Welche Wirkung aber, so fragt man sich in diesem Zusammenhang, hat eigentlich das Hören von Musik auf den
Genuss von Wein? Glaubt man dem amerikanischen Winzer Clark Smith aus dem kalifornischen Santa Rosa, eine
große. Smith, der sich in seinen Ideen zum Weinmachen auf die bipolare Idee der alten Griechen beruft, zwischen
dem logischen apollonischen und dem intuitiven dionysischen Prinzip zu unterscheiden, hat lange Zeit selbst und
bei verschiedenen Weinverkostungen mit unterschiedlichen Musiken experimentiert. Herausgekommen ist dabei, dass es Weine gibt, die besser mit Klassik wie etwa Mozarts „Kleiner Nachtmusik“ korrespondieren, während
andere am besten zu den Klängen der Hardrock-band Metallica genossen werden. Ein schottisches Forscherteam
hat sich ebenfalls mit diesem Thema beschäftigt, die Studie war eine Zusammenarbeit zwischen einem chilenischen Weinproduzenten und der Abteilung für Psychologie an der Heriot-Watt University in Edinburgh. Cabernet
Sauvignon wird demnach von Weintrinkern besser mit „schwerer Musik“ getrunken, während der Genuss von
Chardonnay von „schwungvoller und erfrischender Musik“ begleitet sein sollte. Die Mitarbeiter der schottischen
Universität gehen sogar so weit, bestimmte Songs zu empfehlen. Zu Cabernet Sauvignon empfiehlt man „All along
the watchtower“, die Bob Dylan-Komposition in der Coverversion von Jimi Hendrix, oder „Honky Tonk Woman“
von den Rolling Stones, die bei dem Song wohl eher an Branntwein-Spelunken im Süden der USA gedacht haben
dürften. Zu Chardonnay kredenze man am besten akustisch „Atomic“ von Blondie oder „What´s love got to do
with“ von Tina Turner – der popmusikalische Geschmack der schottischen Psychologen ist offensichtlich in den
vergangenen Jahrzehnten angesiedelt und reif wie alter Wein. Ist das also die Zukunft der Oenologie?
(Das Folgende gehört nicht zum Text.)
Lemma tens_id_tens2 (d : V -> T2) (a b : V) : linear d ->
  tens_id d (tens2 a b) = tensr (d a) b.
Proof.
move=> lin_d; apply/ffunP => ijk; rewrite [in RHS]ffunE.
rewrite [in RHS](row_sum_delta b) (linear_basis_expand a lin_d) !summxE big_distrlr /=.
rewrite /tens_id sum_ffunE; apply: eq_bigr => i _; rewrite sum_ffunE; apply: eq_bigr => j _.
by rewrite !ffunE !mxE /=; ring.
Qed.
End Tensors.

Section Coordinates.
Variables (F : fieldType) (n : nat).
Local Notation V := 'rV[F]_n.
Local Notation T2 := 'M[F]_n.
Local Notation T3 := {ffun 'I_n * 'I_n * 'I_n -> F}.
Implicit Types (u v w : V) (A B : T2) (f g : T3) (i j : 'I_n) (k : 'I_n * 'I_n * 'I_n).

Lemma ffun_addE f g k : (f + g) k = f k + g k. Proof. by rewrite ffunE. Qed.
Lemma ffun_oppE f k : (- f) k = - f k. Proof. by rewrite ffunE. Qed.
Lemma tens3E u v w k : tens3 u v w k = u 0 k.1.1 * v 0 k.1.2 * w 0 k.2.
Proof. by rewrite ffunE. Qed.
Lemma tenslE u A k : tensl u A k = u 0 k.1.1 * A k.1.2 k.2. Proof. by rewrite ffunE. Qed.
Lemma tensrE A u k : tensr A u k = A k.1.1 k.1.2 * u 0 k.2. Proof. by rewrite ffunE. Qed.
Lemma flip12E f k : flip12 f k = f ((k.1.2, k.1.1), k.2). Proof. by rewrite ffunE. Qed.
Lemma swap23E f k : swap23 f k = f ((k.1.1, k.2), k.1.2). Proof. by rewrite ffunE. Qed.
Lemma cycle3E f k : cycle3 f k = f ((k.2, k.1.1), k.1.2). Proof. by rewrite ffunE. Qed.
Lemma mx_addE A B i j : (A + B) i j = A i j + B i j. Proof. by rewrite mxE. Qed.
Lemma mx_oppE A i j : (- A) i j = - A i j. Proof. by rewrite mxE. Qed.
Lemma row_addE u v i : (u + v) 0 i = u 0 i + v 0 i. Proof. by rewrite mxE. Qed.
Lemma row_oppE u i : (- u) 0 i = - u 0 i. Proof. by rewrite mxE. Qed.
Lemma tens2E u v i j : tens2 u v i j = u 0 i * v 0 j. Proof. by rewrite mxE. Qed.
End Coordinates.

Section RWeightedSums.
Variables (F : fieldType) (n : nat) (r : 'M[F]_n).
Local Notation V := 'rV[F]_n.
Local Notation T2 := 'M[F]_n.
Local Notation T3 := {ffun 'I_n * 'I_n * 'I_n -> F}.
Local Notation e := (ebase F).

Definition rsum2 (W : lmodType F) (Phi : V -> V -> W) : W :=
  \sum_(p < n) \sum_(q < n) r p q *: Phi (e p) (e q).

Definition rsum4 (Psi : V -> V -> V -> V -> T3) : T3 :=
  \sum_(p < n) \sum_(q < n) \sum_(s < n) \sum_(t < n)
    scale3 (r p q * r s t) (Psi (e p) (e q) (e s) (e t)).

Section Rsum2.
Variable W : lmodType F.
Implicit Types Phi Psi : V -> V -> W.

Lemma eq_rsum2 Phi Psi : (forall u v, Phi u v = Psi u v) -> rsum2 Phi = rsum2 Psi.
Proof. by move=> PhiE; apply: eq_bigr => i _; apply: eq_bigr => j _; rewrite PhiE. Qed.

Lemma rsum2D Phi Psi : rsum2 Phi + rsum2 Psi = rsum2 (fun u v => Phi u v + Psi u v).
Proof.
rewrite /rsum2 -big_split; apply: eq_bigr => i _; rewrite -big_split.
by apply: eq_bigr => j _; rewrite scalerDr.
Qed.

Lemma rsum2N Phi : - rsum2 Phi = rsum2 (fun u v => - Phi u v).
Proof.
rewrite /rsum2 -sumrN; apply: eq_bigr => i _; rewrite -sumrN.
by apply: eq_bigr => j _; rewrite scalerN.
Qed.

Lemma linear_rsum2 (W' : lmodType F) (M : {linear W -> W'}) Phi :
  M (rsum2 Phi) = rsum2 (fun u v => M (Phi u v)).
Proof.
rewrite /rsum2 linear_sum; apply: eq_bigr => i _.
by rewrite linear_sum; apply: eq_bigr => j _; rewrite linearZ.
Qed.

Lemma rsum2_linear (Phi : V -> V -> V -> W) :
  (forall u v, linear (fun x => Phi x u v)) -> linear (fun x => rsum2 (Phi x)).
Proof.
move=> lin_Phi c x y; rewrite /rsum2 scaler_sumr -big_split; apply: eq_bigr => i _.
rewrite scaler_sumr -big_split; apply: eq_bigr => j _.
by rewrite lin_Phi scalerDr !scalerA mulrC.
Qed.
End Rsum2.

Lemma tmap_rE (f g : V -> V) : tmap f g r = rsum2 (fun u v => tens2 (f u) (g v)).
Proof. by []. Qed.

Lemma tmap_rsum2 (f g : V -> V) (Phi : V -> V -> T2) :
  tmap f g (rsum2 Phi) = rsum2 (fun u v => tmap f g (Phi u v)).
Proof. exact: linear_rsum2. Qed.

Lemma flip_rsum2 (Phi : V -> V -> T2) : flip (rsum2 Phi) = rsum2 (fun u v => flip (Phi u v)).
Proof. exact: linear_rsum2. Qed.

Lemma eq_rsum4 Phi Psi :
  (forall p q s t, Phi p q s t = Psi p q s t) -> rsum4 Phi = rsum4 Psi.
Proof. by move=> PhiE; do 4!(apply: eq_bigr => ? _); rewrite PhiE. Qed.

Lemma rsum4D Phi Psi :
  rsum4 Phi + rsum4 Psi = rsum4 (fun p q s t => Phi p q s t + Psi p q s t).
Proof.
rewrite /rsum4 -big_split; apply: eq_bigr => p _; rewrite -big_split.
apply: eq_bigr => q _; rewrite -big_split; apply: eq_bigr => s _; rewrite -big_split.
by apply: eq_bigr => t _; apply/ffunP => k; rewrite !ffunE mulrDr.
Qed.

Lemma rsum4N Psi : - rsum4 Psi = rsum4 (fun p q s t => - Psi p q s t).
Proof.
rewrite /rsum4 -sumrN; apply: eq_bigr => p _; rewrite -sumrN.
apply: eq_bigr => q _; rewrite -sumrN; apply: eq_bigr => s _; rewrite -sumrN.
by apply: eq_bigr => t _; apply/ffunP => k; rewrite !ffunE mulrN.
Qed.

Lemma linear3_rsum4 (M : T3 -> T3) Psi : linear3 M ->
  M (rsum4 Psi) = rsum4 (fun p q s t => M (Psi p q s t)).
Proof.
move=> lin_M; have M_sum I (s : seq I) (P : pred I) (G : I -> T3) :
    M (\sum_(i <- s | P i) G i) = \sum_(i <- s | P i) M (G i).
  exact: (big_morph M (linear3D lin_M) (linear3_0 lin_M)).
rewrite /rsum4 M_sum; apply: eq_bigr => p _; rewrite M_sum; apply: eq_bigr => q _.
rewrite M_sum; apply: eq_bigr => s _; rewrite M_sum; apply: eq_bigr => t _.
by rewrite -[scale3 _ _]addr0 lin_M linear3_0 // !addr0.
Qed.

Lemma tmap3_rsum4 f g h Psi :
  tmap3 f g h (rsum4 Psi) = rsum4 (fun p q s t => tmap3 f g h (Psi p q s t)).
Proof. exact/linear3_rsum4/tmap3_linear3. Qed.

Lemma flip12_rsum4 Psi : flip12 (rsum4 Psi) = rsum4 (fun p q s t => flip12 (Psi p q s t)).
Proof. exact/linear3_rsum4/flip12_linear3. Qed.

Lemma swap23_rsum4 Psi : swap23 (rsum4 Psi) = rsum4 (fun p q s t => swap23 (Psi p q s t)).
Proof. exact/linear3_rsum4/swap23_linear3. Qed.

Lemma cycle3_rsum4 Psi : cycle3 (rsum4 Psi) = rsum4 (fun p q s t => cycle3 (Psi p q s t)).
Proof. exact/linear3_rsum4/cycle3_linear3. Qed.
Definition is_cycle (T : finType) (e : rel T) (s : seq T) : bool :=
  [&& 2 < size s, cycle e s & uniq s].

Definition girth_eq (T : finType) (e : rel T) (g : nat) : Prop :=
  (exists s, is_cycle e s /\ size s = g) /\
  (forall s, is_cycle e s -> g <= size s).

Definition bip_bireg (a b g : nat) (T : finType) (e : rel T) : Prop :=
  simple_graph e /\
  (exists A : {set T},
      (forall x y, e x y -> (x \in A) != (y \in A)) /\
      (forall x, x \in A -> deg e x = a) /\
      (forall x, x \notin A -> deg e x = b)) /\
  girth_eq e g.

Definition bip_cage (a b g : nat) (T : finType) (e : rel T) : Prop :=
  bip_bireg a b g e /\
  forall (T' : finType) (e' : rel T'), bip_bireg a b g e' -> #|T| <= #|T'|.

Definition Bc_eq (a b g N : nat) : Prop :=
  (exists (T : finType) (e : rel T), bip_bireg a b g e /\ #|T| = N) /\
  (forall (T : finType) (e : rel T), bip_bireg a b g e -> N <= #|T|).

Definition steiner2 (k v : nat) (P : finType) (Bl : {set {set P}}) : Prop :=
  #|P| = v /\
  (forall B, B \in Bl -> #|B| = k) /\
  (forall x y : P, x != y -> exists! B, B \in Bl /\ x \in B /\ y \in B).

Definition dvert (P : finType) (Bl : {set {set P}}) (p : P) : finType :=
  ({x : P | x != p} + {B : {set P} | (B \in Bl) && (p \notin B)})%type.

Definition dinc (P : finType) (Bl : {set {set P}}) (p : P) : rel (dvert Bl p) :=
  fun u v =>
    match u, v with
    | inl x, inr B => val x \in val B
    | inr B, inl x => val x \in val B
    | _, _ => false
    end.

Definition cage_bound (m n : nat) : rat :=
  ((n%:R / m%:R + 1) * (n.+1)%:R * (m - 1)%:R)%R.
Arguments dinc {P} Bl p.
Arguments dvert {P} Bl p.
Wird aus
dem Verkosten und Genießen von Wein ein umfassendes Event für alle Sinne, ein Potpourri aus geschmacklichen,
visuellen, olfaktorischen und akustischen Erlebnissen?
Ob der Elvis vom Jägerberg diese Studie kennt, wissen wir nicht. Möglicherweise gewinnen seine Weine durch
das Hören von „Love me tender“ oder „In the ghetto“. Oder spielt der südsteirische Winzer seinen Trauben während der Reifung gar Elvis-Songs vor? Es ist anzunehmen, dass Wilfried Schilhan weder auf das eine, noch das
andere schwört, sondern sich auf sein Können, seine besonderen Lagen und den sortenreinen Ausbau verlässt.
Wer möchte, kann das Experiment aber gerne wagen, an Ort und Stelle im „Crocodile Rock“ den Roten Traminer
„Aaron“ verkosten und dazu „Are you lonesome tonight“ hören. Schaden wird es ganz bestimmt nicht.